What is required: Wherever the string "shear" appears in the entries below, return the line that holds it.

Collection entries:
┌──

(* Let $\mathcal{A}\in\mathcal{T}'_7$ with $c_{13}^4=c_{14}^5=c_{15}^6=c_{24}^5=c_{25}^6=c_{14}^6=c_{24}^6=c_{13}^6=0$ and $c_{13}^5c_{35}^6c_{46}^7\ne0$. Then the automorphisms of $\mathcal{A}$ are exactly the linear maps $\varphi$ with $\varphi(e_1)=e_1+a_{71}e_7$, $\varphi(e_2)=e_2+a_{72}e_7$, $\varphi(e_i)=e_i$ for $3\le i\le7$, where $a_{71},a_{72}\in\mathbb{C}$.
   Context: Over $\mathbb{C}$, basis $e_1,\dots,e_n$, $e_ie_j=\sum_kc_{ij}^ke_k$. For $n\ge3$, $\mathcal{T}'_n$ is the family of anticommutative algebra structures with $c_{ij}^k=0$ whenever $k\le\max\{i,j\}$ and $e_ie_{i+1}=e_{i+2}$ for $1\le i\le n-2$, other structure constants arbitrary subject to these and anticommutativity. *)

From HB Require Import structures.
From mathcomp Require Import all_boot all_order all_algebra.
From mathcomp Require Import complex.
From mathcomp Require Import Rstruct.
Set Implicit Arguments. Unset Strict Implicit. Unset Printing Implicit Defensive.
Import Order.TTheory GRing.Theory Num.Theory.
Local Open Scope ring_scope.

Notation CC := (complex Rdefinitions.R).

(* Structure constants of an n-dimensional algebra with basis e_1..e_n,
   stored 0-indexed: c i j k is the coefficient of e_(k+1) in e_(i+1) e_(j+1). *)
Definition sconst (n : nat) := 'I_n -> 'I_n -> 'I_n -> CC.

(* 1-indexed access: C_ c i j k = c_{ij}^k *)
Definition C_ (n : nat) (c : sconst n.+1) (i j k : nat) : CC :=
  c (inord i.-1) (inord j.-1) (inord k.-1).

Definition in_Tprime (n : nat) (c : sconst n) : Prop :=
  [/\ (forall i j k, c i j k = - c j i k),
      (forall i j k : 'I_n, (k <= maxn i j)%N -> c i j k = 0) &
      (forall i j k : 'I_n, nat_of_ord j = i.+1 -> c i j k = (nat_of_ord k == i.+2)%:R)].

Definition algmul (n : nat) (c : sconst n) (x y : 'cV[CC]_n) : 'cV[CC]_n :=
  \col_k \sum_i \sum_j x i 0 * y j 0 * c i j k.

(* A linear map phi, given by its matrix A (phi(e_j) = column j of A),
   is an automorphism: bijective and multiplicative. *)
Definition is_automorphism (n : nat) (c : sconst n) (A : 'M[CC]_n) : Prop :=
  A \in unitmx /\
  forall x y : 'cV[CC]_n, A *m algmul c x y = algmul c (A *m x) (A *m y).

From HB Require Import structures.
From mathcomp Require Import all_boot all_order all_algebra.
From mathcomp Require Import complex Rstruct zify.
Import Order.TTheory GRing.Theory Num.Theory.
Local Open Scope ring_scope.
Set Implicit Arguments. Unset Strict Implicit.

(* Since e_k = e_(k-2) e_(k-1), any
      multiplicative phi preserves the filtration span(e_k, ..., e_n), k >= 3, i.e. A is
      lower triangular outside its upper-left 2x2 block; if moreover A is invertible its
      corner entry A n n is nonzero.  Conversely every "shear"
      e_1 |-> e_1 + a1 e_n, e_2 |-> e_2 + a2 e_n, e_i |-> e_i is an automorphism.
   2. For n = 7 with the eight vanishing constants of the theorem, the structure
      constants are the explicit [table] below (twelve free parameters).  The automorphism
      equations are evaluated symbolically on this sparse table, and solved in a fixed
      order using c_13^5 c_35^6 c_46^7 != 0 and A 7 7 != 0: A is the identity except in
      the entries (7,1) and (7,2), i.e. A is a shear. *)

Section Tprime.
Variables (n : nat) (c : sconst n).
Hypothesis cT : in_Tprime c.

(* Anticommutativity in characteristic zero: e_i e_i = 0. *)
Lemma Tprime_sqr (i k : 'I_n) : c i i k = 0.
Proof.
case: cT => anti _ _; apply/eqP; have /eqP := anti i i k.
by rewrite -subr_eq0 opprK -mulr2n -mulr_natr mulf_eq0 pnatr_eq0 orbF.
Qed.

Lemma Tprime_low (i j k : 'I_n) : (k <= 1)%N -> c i j k = 0.
Proof.
case: cT => _ low _ hk; case: (eqVneq i j) => [->|hij]; first exact: Tprime_sqr.
apply: low; apply: (leq_trans hk); rewrite leq_max.
by case: i j hij => [[|i] hi] [[|j] hj].
Qed.

Lemma Tprime_last_l (i j k : 'I_n) : (n <= i.+1)%N -> c i j k = 0.
Proof.
by case: cT => _ low _ hi; apply: low; have := ltn_ord k; lia.
Qed.

Lemma Tprime_last_r (i j k : 'I_n) : (n <= j.+1)%N -> c i j k = 0.
Proof.
by case: cT => _ low _ hj; apply: low; have := ltn_ord k; lia.
Qed.

End Tprime.

Section Automorphism.
Variables (n : nat) (c : sconst n) (A : 'M[CC]_n).
Hypothesis cT : in_Tprime c.
Hypothesis A_mul :
  forall x y : 'cV[CC]_n, A *m algmul c x y = algmul c (A *m x) (A *m y).

Lemma sum_delta (F : 'I_n -> CC) (i : 'I_n) :
  \sum_u (delta_mx i (0 : 'I_1) u 0 * F u) = F i.
Proof.
rewrite (bigD1 i) //= big1 => [|u /negbTE hu]; first by rewrite mxE !eqxx mul1r addr0.
by rewrite mxE hu mul0r.
Qed.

└──

Exercise response:
      corner entry A n n is nonzero.  Conversely every "shear"
      the entries (7,1) and (7,2), i.e. A is a shear. *)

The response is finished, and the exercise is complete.